▶ [What you need to do]: Using the records below, transcribe word for word the stretch from the line that contains "pose proof (Rpower_pos t p);" through the line that contains "intros Hg; apply is_derive_Reals.", both end lines included, and nothing else.

Stored entries

(* Let $p>1$ and $x\in(0,1)$, and put $z=\left(\frac{x^p}{1+x^p}\right)^{1/p}$. Then $$z\left(1+\frac{\log(1+x^p)}{1+p}\right)<\operatorname{arsinh}_p x<z\left(1+\frac1p\log(1+x^p)\right)$$ and $$x\left(1-\frac{1}{1+p}\log(1-x^p)\right)<\operatorname{artanh}_p x<x\left(1-\frac1p\log(1-x^p)\right).$$
   Context: For $p>1$ and $x\in(0,1)$: $\operatorname{arsinh}_p x=\int_0^x(1+t^p)^{-1/p}\,dt$ and $\operatorname{artanh}_p x=\int_0^x(1-t^p)^{-1}\,dt$. *)

From Stdlib Require Import Reals.
From Coquelicot Require Import Coquelicot.
Open Scope R_scope.

Definition arsinh_p (p x : R) : R :=
  RInt (fun t => Rpower (1 + Rpower t p) (- (1 / p))) 0 x.

Definition artanh_p (p x : R) : R :=
  RInt (fun t => / (1 - Rpower t p)) 0 x.

(* Both integrands have the form k (t^p) for a function k on [0,1), and
   d/dt [t * h (t^p)] = h (t^p) + p t^p h' (t^p).  Hence a pointwise
   comparison of k (u) with h (u) + p u h' (u) on (0,1) integrates to a
   comparison of the integral over [0,x] with x * h (x^p).  With
   h (u) = (1+u)^(-1/p) (1 + c ln (1+u)) resp. h (u) = 1 - c ln (1-u), the
   required pointwise inequalities reduce, for c = 1/(1+p) and c = 1/p, to
   ln (1+u) < u and 0 < ln (1+u) resp. -ln (1-u) < u/(1-u) and ln (1-u) < 0. *)

From Stdlib Require Import Reals Lra.
From Coquelicot Require Import Coquelicot.
Open Scope R_scope.

(* In Stdlib [Rpower 0 p = exp (p * ln 0) = 1], so [fun t => Rpower t p] is
   not continuous at 0; [rpow0 p] agrees with it for t > 0 and vanishes on
   t <= 0. *)
Definition rpow0 (p t : R) : R := if Rlt_dec 0 t then Rpower t p else 0.

Lemma rpow0_pos p t : 0 < t -> rpow0 p t = Rpower t p.
Proof. intros Ht; unfold rpow0; destruct (Rlt_dec 0 t); [reflexivity | lra]. Qed.

Lemma rpow0_npos p t : t <= 0 -> rpow0 p t = 0.
Proof. intros Ht; unfold rpow0; destruct (Rlt_dec 0 t); [lra | reflexivity]. Qed.

Lemma Rpower_pos u p : 0 < Rpower u p.
Proof. apply exp_pos. Qed.

Lemma Rpower_lt_self u p : 1 < p -> 0 < u < 1 -> Rpower u p < u.
Proof.
  intros Hp Hu.
  assert (ln u < 0) by (rewrite <- ln_1; apply ln_increasing; lra).
  rewrite <- (exp_ln u) at 2 by lra.
  apply exp_increasing; nra.
Qed.

Lemma rpow0_unit_interval p t : 1 < p -> 0 <= t < 1 -> 0 <= rpow0 p t < 1.
Proof.
  intros Hp Ht; destruct (Req_dec t 0) as [-> | Ht0].
  - rewrite rpow0_npos; lra.
  - rewrite rpow0_pos by lra.
    pose proof (Rpower_pos t p); pose proof (Rpower_lt_self t p Hp ltac:(lra)); lra.
Qed.

Lemma rpow0_abs_le p t : 1 < p -> Rabs t < 1 -> Rabs (rpow0 p t) <= Rabs t.
Proof.
  intros Hp Ht; destruct (Rlt_dec 0 t) as [Hpos | Hnpos].
  - apply Rabs_def2 in Ht.
    rewrite rpow0_pos, !Rabs_right by (try apply Rle_ge, Rlt_le, Rpower_pos; lra).
    apply Rlt_le, Rpower_lt_self; lra.
  - rewrite rpow0_npos, Rabs_R0 by lra; apply Rabs_pos.
Qed.

Lemma is_derive_rpow0 p t : 0 < t -> is_derive (rpow0 p) t (p * Rpower t (p - 1)).
Proof.
  intros Ht; apply is_derive_Reals.
  apply (derivable_pt_lim_locally_ext (fun u => Rpower u p) _ t 0 (t + 1)); [lra | |].
  - intros u Hu; rewrite rpow0_pos by lra; reflexivity.
  - apply derivable_pt_lim_power; lra.
Qed.

Lemma continuous_rpow0 p t : 1 < p -> 0 <= t -> continuous (rpow0 p) t.
Proof.
  intros Hp Ht; destruct (Req_dec t 0) as [-> | Ht0].
  - apply continuity_pt_filterlim, continuity_pt_locally; intros eps.
    exists (mkposreal _ (Rmin_pos eps 1 (cond_pos eps) Rlt_0_1)); intros u Hu.
    change (Rabs (u - 0) < Rmin eps 1) in Hu; rewrite Rminus_0_r in Hu.
    change (Rabs (rpow0 p u - rpow0 p 0) < eps).
    rewrite (rpow0_npos p 0), Rminus_0_r by lra.
    pose proof (Rmin_l eps 1); pose proof (Rmin_r eps 1).
    pose proof (rpow0_abs_le p u Hp ltac:(lra)); lra.
  - apply (ex_derive_continuous (K := R_AbsRing) (rpow0 p)).
    eexists; apply is_derive_rpow0; lra.
Qed.

Lemma rpow0_scale p t : 0 < t -> t * (p * Rpower t (p - 1)) = p * rpow0 p t.
Proof.
  intros Ht; rewrite rpow0_pos by lra.
  replace (Rpower t p) with (Rpower t (1 + (p - 1))) by (f_equal; ring).
  rewrite Rpower_plus, Rpower_1 by lra; ring.
Qed.

Lemma is_derive_id_mul_0 (g : R -> R) :
  continuous g 0 -> is_derive (fun t => t * g t) 0 (g 0).
Proof.
  intros Hg; apply is_derive_Reals.
  apply continuity_pt_filterlim in Hg; rewrite continuity_pt_locally in Hg.
  intros eps Heps; destruct (Hg (mkposreal eps Heps)) as [d Hd].
  exists d; intros e He0 Hed.
  replace (((0 + e) * g (0 + e) - 0 * g 0) / e - g 0) with (g e - g 0)
    by (rewrite Rplus_0_l; field; exact He0).
  apply (Hd e); change (Rabs (e - 0) < d); rewrite Rminus_0_r; exact Hed.
Qed.

Section PowerSubstitution.

Variables (p : R) (h h' : R -> R).
Hypotheses (Hp : 1 < p)
  (Hh : forall u, 0 <= u < 1 -> is_derive h u (h' u))
  (Hh' : forall u, 0 <= u < 1 -> continuous h' u).

Let dh (t : R) := h (rpow0 p t) + p * rpow0 p t * h' (rpow0 p t).

Lemma continuous_h u : 0 <= u < 1 -> continuous h u.
Proof.
  intros Hu; apply (ex_derive_continuous (K := R_AbsRing) h); eexists; apply Hh, Hu.
Qed.

Lemma continuous_comp_rpow0 (k : R -> R) t :
  (forall u, 0 <= u < 1 -> continuous k u) -> 0 <= t < 1 ->
  continuous (fun t => k (rpow0 p t)) t.
Proof.
  intros Hk Ht; apply (continuous_comp (rpow0 p) k).
  - apply continuous_rpow0; lra.
  - apply Hk, rpow0_unit_interval; lra.
Qed.

Lemma continuous_dh t : 0 <= t < 1 -> continuous dh t.
Proof.
  intros Ht; unfold dh.
  apply (continuous_plus (fun t => h (rpow0 p t))).
  { apply continuous_comp_rpow0; [exact continuous_h | exact Ht]. }
  apply (continuous_mult (fun t => p * rpow0 p t)).
  - apply (continuous_mult (fun _ => p)); [apply continuous_const |].
    apply continuous_rpow0; lra.
  - apply continuous_comp_rpow0; [exact Hh' | exact Ht].
Qed.

Lemma is_derive_id_mul_comp_rpow0 t :
  0 <= t < 1 -> is_derive (fun t => t * h (rpow0 p t)) t (dh t).
Proof.
  intros Ht; unfold dh; destruct (Req_dec t 0) as [-> | Ht0].
  - rewrite rpow0_npos, Rmult_0_r, Rmult_0_l, Rplus_0_r by lra.
    rewrite <- (rpow0_npos p 0) at 2 by lra.
    apply is_derive_id_mul_0, continuous_comp_rpow0; [exact continuous_h | lra].
  - pose proof (rpow0_unit_interval p t Hp ltac:(lra)).
    evar (l : R).
    assert (Hl : is_derive (fun t => t * h (rpow0 p t)) t l).
    { apply (is_derive_mult (fun t => t) (fun t => h (rpow0 p t)));
        [apply is_derive_id | | intros; apply Rmult_comm].
      apply (is_derive_comp h (rpow0 p)); [apply Hh; lra | apply is_derive_rpow0; lra]. }
    replace (h (rpow0 p t) + p * rpow0 p t * h' (rpow0 p t)) with l; [exact Hl |].
    unfold l, plus, mult, one, scal; simpl; unfold mult; simpl.
    rewrite <- (rpow0_scale p t) by lra; ring.
Qed.

Lemma RInt_dh x : 0 < x < 1 -> RInt dh 0 x = x * h (rpow0 p x).
Proof.
  intros Hx; apply is_RInt_unique.
  replace (x * h (rpow0 p x)) with (minus (x * h (rpow0 p x)) (0 * h (rpow0 p 0)))
    by (unfold minus, plus, opp; simpl; ring).
  apply (is_RInt_derive (fun t => t * h (rpow0 p t)));
    intros t Ht; rewrite Rmin_left, Rmax_right in Ht by lra.
  - apply is_derive_id_mul_comp_rpow0; lra.
  - apply continuous_dh; lra.
Qed.

Variables (k : R -> R) (x : R).
Hypotheses (Hk : forall u, 0 <= u < 1 -> continuous k u) (Hx : 0 < x < 1).

Lemma RInt_comp_rpow0_lt :
  (forall u, 0 < u < 1 -> k u < h u + p * u * h' u) ->
  RInt (fun t => k (rpow0 p t)) 0 x < x * h (rpow0 p x).
Proof.
  intros Hlt; rewrite <- RInt_dh by exact Hx.
  apply RInt_lt; try lra.
  - intros t Ht; apply continuous_dh; lra.
  - intros t Ht; apply continuous_comp_rpow0; [exact Hk | lra].
  - intros t Ht; apply Hlt.
    rewrite rpow0_pos by lra; pose proof (Rpower_pos t p).
    pose proof (Rpower_lt_self t p Hp ltac:(lra)); lra.
Qed.

Lemma RInt_comp_rpow0_gt :
  (forall u, 0 < u < 1 -> h u + p * u * h' u < k u) ->
  x * h (rpow0 p x) < RInt (fun t => k (rpow0 p t)) 0 x.
Proof.
  intros Hgt; rewrite <- RInt_dh by exact Hx.
  apply RInt_lt; try lra.
  - intros t Ht; apply continuous_comp_rpow0; [exact Hk | lra].
  - intros t Ht; apply continuous_dh; lra.
  - intros t Ht; apply Hgt.
    rewrite rpow0_pos by lra; pose proof (Rpower_pos t p).
    pose proof (Rpower_lt_self t p Hp ltac:(lra)); lra.
Qed.

End PowerSubstitution.

Lemma RInt_comp_Rpower (f : R -> R) p x :
  0 < x -> RInt (fun t => f (Rpower t p)) 0 x = RInt (fun t => f (rpow0 p t)) 0 x.
Proof.
  intros Hx; apply RInt_ext; intros t Ht.
  rewrite Rmin_left, Rmax_right in Ht by lra.
  rewrite rpow0_pos by lra; reflexivity.
Qed.

Lemma ln_1_plus_lt u : 0 < u -> ln (1 + u) < u.
Proof.
  intros Hu; rewrite <- (ln_exp u) at 2.
  apply ln_increasing; [lra | apply exp_ineq1; lra].
Qed.

Lemma ln_1_plus_pos u : 0 < u -> 0 < ln (1 + u).
Proof. intros Hu; rewrite <- ln_1; apply ln_increasing; lra. Qed.

Lemma Ropp_ln_1_minus_lt u : 0 < u < 1 -> - ln (1 - u) < u / (1 - u).
Proof.
  intros Hu; rewrite <- ln_Rinv by lra.
  replace (/ (1 - u)) with (1 + u / (1 - u)) by (field; lra).
  apply ln_1_plus_lt, Rdiv_lt_0_compat; lra.
Qed.

Lemma ln_1_minus_neg u : 0 < u < 1 -> ln (1 - u) < 0.
Proof. intros Hu; rewrite <- ln_1; apply ln_increasing; lra. Qed.

Section Bounds.

Variables (p x : R).
Hypotheses (Hp : 1 < p) (Hx : 0 < x < 1).

Let ks (u : R) := Rpower (1 + u) (- (1 / p)).
Let hs (c u : R) := Rpower (1 + u) (- (1 / p)) * (1 + c * ln (1 + u)).
Let hs' (c u : R) :=
  Rpower (1 + u) (- (1 / p)) / (1 + u) * (c - 1 / p * (1 + c * ln (1 + u))).

Let kt (u : R) := / (1 - u).
Let ht (c u : R) := 1 - c * ln (1 - u).
Let ht' (c u : R) := c / (1 - u).

Lemma is_derive_hs c u : -1 < u -> is_derive (hs c) u (hs' c u).
Proof. intros Hu; unfold hs, hs', Rpower; auto_derive; [lra | field; lra]. Qed.

Lemma continuous_hs' c u : -1 < u -> continuous (hs' c) u.
Proof.
  intros Hu; apply (ex_derive_continuous (K := R_AbsRing) (hs' c)).
  unfold hs', Rpower; auto_derive; lra.
Qed.

Lemma continuous_ks u : -1 < u -> continuous ks u.
Proof.
  intros Hu; apply (ex_derive_continuous (K := R_AbsRing) ks).
  unfold ks, Rpower; auto_derive; lra.
Qed.

Lemma is_derive_ht c u : u < 1 -> is_derive (ht c) u (ht' c u).
Proof. intros Hu; unfold ht, ht'; auto_derive; [lra | field; lra]. Qed.

Lemma continuous_ht' c u : u < 1 -> continuous (ht' c) u.
Proof.
  intros Hu; apply (ex_derive_continuous (K := R_AbsRing) (ht' c)).
  unfold ht'; auto_derive; lra.
Qed.

Lemma continuous_kt u : u < 1 -> continuous kt u.
Proof.
  intros Hu; apply (ex_derive_continuous (K := R_AbsRing) kt).
  unfold kt; auto_derive; lra.
Qed.

Lemma hs_euler c u : -1 < u ->
  hs c u + p * u * hs' c u = ks u / (1 + u) * (1 + c * ln (1 + u) + p * c * u).
Proof. intros Hu; unfold hs, hs', ks; field; lra. Qed.

Lemma arsinh_p_eq_RInt : arsinh_p p x = RInt (fun t => ks (rpow0 p t)) 0 x.
Proof. apply (RInt_comp_Rpower ks); lra. Qed.

Lemma artanh_p_eq_RInt : artanh_p p x = RInt (fun t => kt (rpow0 p t)) 0 x.
Proof. apply (RInt_comp_Rpower kt); lra. Qed.

Lemma arsinh_p_gt_hs c :
  (forall u, 0 < u < 1 -> 1 + c * ln (1 + u) + p * c * u < 1 + u) ->
  x * hs c (Rpower x p) < arsinh_p p x.
Proof.
  intros Hc; rewrite arsinh_p_eq_RInt, <- (rpow0_pos p x) by lra.
  apply (RInt_comp_rpow0_gt p (hs c) (hs' c)); try lra.
  - intros u Hu; apply is_derive_hs; lra.
  - intros u Hu; apply continuous_hs'; lra.
  - intros u Hu; apply continuous_ks; lra.
  - intros u Hu; rewrite hs_euler by lra.
    replace (ks u) with (ks u / (1 + u) * (1 + u)) at 2 by (field; lra).
    apply Rmult_lt_compat_l; [apply Rdiv_lt_0_compat; [apply Rpower_pos | lra] |].
    exact (Hc u Hu).
Qed.

Lemma arsinh_p_lt_hs c :
  (forall u, 0 < u < 1 -> 1 + u < 1 + c * ln (1 + u) + p * c * u) ->
  arsinh_p p x < x * hs c (Rpower x p).
Proof.
  intros Hc; rewrite arsinh_p_eq_RInt, <- (rpow0_pos p x) by lra.
  apply (RInt_comp_rpow0_lt p (hs c) (hs' c)); try lra.
  - intros u Hu; apply is_derive_hs; lra.
  - intros u Hu; apply continuous_hs'; lra.
  - intros u Hu; apply continuous_ks; lra.
  - intros u Hu; rewrite hs_euler by lra.
    replace (ks u) with (ks u / (1 + u) * (1 + u)) at 1 by (field; lra).
    apply Rmult_lt_compat_l; [apply Rdiv_lt_0_compat; [apply Rpower_pos | lra] |].
    exact (Hc u Hu).
Qed.

Lemma artanh_p_gt_ht c :
  (forall u, 0 < u < 1 -> 1 - c * ln (1 - u) + p * u * (c / (1 - u)) < / (1 - u)) ->
  x * ht c (Rpower x p) < artanh_p p x.
Proof.
  intros Hc; rewrite artanh_p_eq_RInt, <- (rpow0_pos p x) by lra.
  apply (RInt_comp_rpow0_gt p (ht c) (ht' c)); try lra.
  - intros u Hu; apply is_derive_ht; lra.
  - intros u Hu; apply continuous_ht'; lra.
  - intros u Hu; apply continuous_kt; lra.
  - exact Hc.
Qed.

Lemma artanh_p_lt_ht c :
  (forall u, 0 < u < 1 -> / (1 - u) < 1 - c * ln (1 - u) + p * u * (c / (1 - u))) ->
  artanh_p p x < x * ht c (Rpower x p).
Proof.
  intros Hc; rewrite artanh_p_eq_RInt, <- (rpow0_pos p x) by lra.
  apply (RInt_comp_rpow0_lt p (ht c) (ht' c)); try lra.
  - intros u Hu; apply is_derive_ht; lra.
  - intros u Hu; apply continuous_ht'; lra.
  - intros u Hu; apply continuous_kt; lra.
  - exact Hc.
Qed.

Lemma arsinh_p_lower :
  x * Rpower (1 + Rpower x p) (- (1 / p)) * (1 + ln (1 + Rpower x p) / (1 + p))
  < arsinh_p p x.
Proof.
  replace (_ * _ * _) with (x * hs (1 / (1 + p)) (Rpower x p))
    by (unfold hs; field; lra).
  apply arsinh_p_gt_hs; intros u Hu.
  replace (1 + 1 / (1 + p) * ln (1 + u) + p * (1 / (1 + p)) * u)
    with (1 + u + (ln (1 + u) - u) / (1 + p)) by (field; lra).
  pose proof (ln_1_plus_lt u ltac:(lra)).
  enough ((ln (1 + u) - u) / (1 + p) < 0) by lra.
  apply Rdiv_neg_pos; lra.
Qed.

Lemma arsinh_p_upper :
  arsinh_p p x
  < x * Rpower (1 + Rpower x p) (- (1 / p)) * (1 + 1 / p * ln (1 + Rpower x p)).
Proof.
  replace (_ * _ * _) with (x * hs (1 / p) (Rpower x p)) by (unfold hs; ring).
  apply arsinh_p_lt_hs; intros u Hu.
  replace (1 + 1 / p * ln (1 + u) + p * (1 / p) * u)
    with (1 + u + ln (1 + u) / p) by (field; lra).
  pose proof (ln_1_plus_pos u ltac:(lra)).
  enough (0 < ln (1 + u) / p) by lra.
  apply Rdiv_lt_0_compat; lra.
Qed.

Lemma artanh_p_lower :
  x * (1 - 1 / (1 + p) * ln (1 - Rpower x p)) < artanh_p p x.
Proof.
  apply (artanh_p_gt_ht (1 / (1 + p))); intros u Hu.
  replace (1 - 1 / (1 + p) * ln (1 - u) + p * u * (1 / (1 + p) / (1 - u)))
    with (/ (1 - u) + (- ln (1 - u) - u / (1 - u)) / (1 + p)) by (field; lra).
  pose proof (Ropp_ln_1_minus_lt u Hu).
  enough ((- ln (1 - u) - u / (1 - u)) / (1 + p) < 0) by lra.
  apply Rdiv_neg_pos; lra.
Qed.

Lemma artanh_p_upper :
  artanh_p p x < x * (1 - 1 / p * ln (1 - Rpower x p)).
Proof.
  apply (artanh_p_lt_ht (1 / p)); intros u Hu.
  replace (1 - 1 / p * ln (1 - u) + p * u * (1 / p / (1 - u)))
    with (/ (1 - u) + - ln (1 - u) / p) by (field; lra).
  pose proof (ln_1_minus_neg u Hu).
  enough (0 < - ln (1 - u) / p) by lra.
  apply Rdiv_lt_0_compat; lra.
Qed.

End Bounds.

Lemma Rpower_ratio_inv_pow p x : 0 < p -> 0 < x ->
  Rpower (Rpower x p / (1 + Rpower x p)) (1 / p)
  = x * Rpower (1 + Rpower x p) (- (1 / p)).
Proof.
  intros Hp Hx; pose proof (Rpower_pos x p).
  unfold Rpower at 1; rewrite ln_div by lra.
  unfold Rpower at 1; rewrite ln_exp.
  transitivity (exp (ln x + - (1 / p) * ln (1 + Rpower x p))).
  - f_equal; field; lra.
  - rewrite exp_plus, exp_ln by lra; reflexivity.
Qed.

Theorem theorem1p2 (p x : R) (hp : 1 < p) (hx0 : 0 < x) (hx1 : x < 1) :
  let z := Rpower (Rpower x p / (1 + Rpower x p)) (1 / p) in
  (z * (1 + ln (1 + Rpower x p) / (1 + p)) < arsinh_p p x /\
   arsinh_p p x < z * (1 + (1 / p) * ln (1 + Rpower x p))) /\
  (x * (1 - (1 / (1 + p)) * ln (1 - Rpower x p)) < artanh_p p x /\
   artanh_p p x < x * (1 - (1 / p) * ln (1 - Rpower x p))).
Proof.
  intros z; unfold z; rewrite Rpower_ratio_inv_pow by lra.
  assert (Hx : 0 < x < 1) by lra.
  split; split.
  - exact (arsinh_p_lower p x hp Hx).
  - exact (arsinh_p_upper p x hp Hx).
  - exact (artanh_p_lower p x hp Hx).
  - exact (artanh_p_upper p x hp Hx).
Qed.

▶ [Your response]:
    pose proof (Rpower_pos t p); pose proof (Rpower_lt_self t p Hp ltac:(lra)); lra.
Qed.

Lemma rpow0_abs_le p t : 1 < p -> Rabs t < 1 -> Rabs (rpow0 p t) <= Rabs t.
Proof.
  intros Hp Ht; destruct (Rlt_dec 0 t) as [Hpos | Hnpos].
  - apply Rabs_def2 in Ht.
    rewrite rpow0_pos, !Rabs_right by (try apply Rle_ge, Rlt_le, Rpower_pos; lra).
    apply Rlt_le, Rpower_lt_self; lra.
  - rewrite rpow0_npos, Rabs_R0 by lra; apply Rabs_pos.
Qed.

Lemma is_derive_rpow0 p t : 0 < t -> is_derive (rpow0 p) t (p * Rpower t (p - 1)).
Proof.
  intros Ht; apply is_derive_Reals.
  apply (derivable_pt_lim_locally_ext (fun u => Rpower u p) _ t 0 (t + 1)); [lra | |].
  - intros u Hu; rewrite rpow0_pos by lra; reflexivity.
  - apply derivable_pt_lim_power; lra.
Qed.

Lemma continuous_rpow0 p t : 1 < p -> 0 <= t -> continuous (rpow0 p) t.
Proof.
  intros Hp Ht; destruct (Req_dec t 0) as [-> | Ht0].
  - apply continuity_pt_filterlim, continuity_pt_locally; intros eps.
    exists (mkposreal _ (Rmin_pos eps 1 (cond_pos eps) Rlt_0_1)); intros u Hu.
    change (Rabs (u - 0) < Rmin eps 1) in Hu; rewrite Rminus_0_r in Hu.
    change (Rabs (rpow0 p u - rpow0 p 0) < eps).
    rewrite (rpow0_npos p 0), Rminus_0_r by lra.
    pose proof (Rmin_l eps 1); pose proof (Rmin_r eps 1).
    pose proof (rpow0_abs_le p u Hp ltac:(lra)); lra.
  - apply (ex_derive_continuous (K := R_AbsRing) (rpow0 p)).
    eexists; apply is_derive_rpow0; lra.
Qed.

Lemma rpow0_scale p t : 0 < t -> t * (p * Rpower t (p - 1)) = p * rpow0 p t.
Proof.
  intros Ht; rewrite rpow0_pos by lra.
  replace (Rpower t p) with (Rpower t (1 + (p - 1))) by (f_equal; ring).
  rewrite Rpower_plus, Rpower_1 by lra; ring.
Qed.

Lemma is_derive_id_mul_0 (g : R -> R) :
  continuous g 0 -> is_derive (fun t => t * g t) 0 (g 0).
Proof.
  intros Hg; apply is_derive_Reals.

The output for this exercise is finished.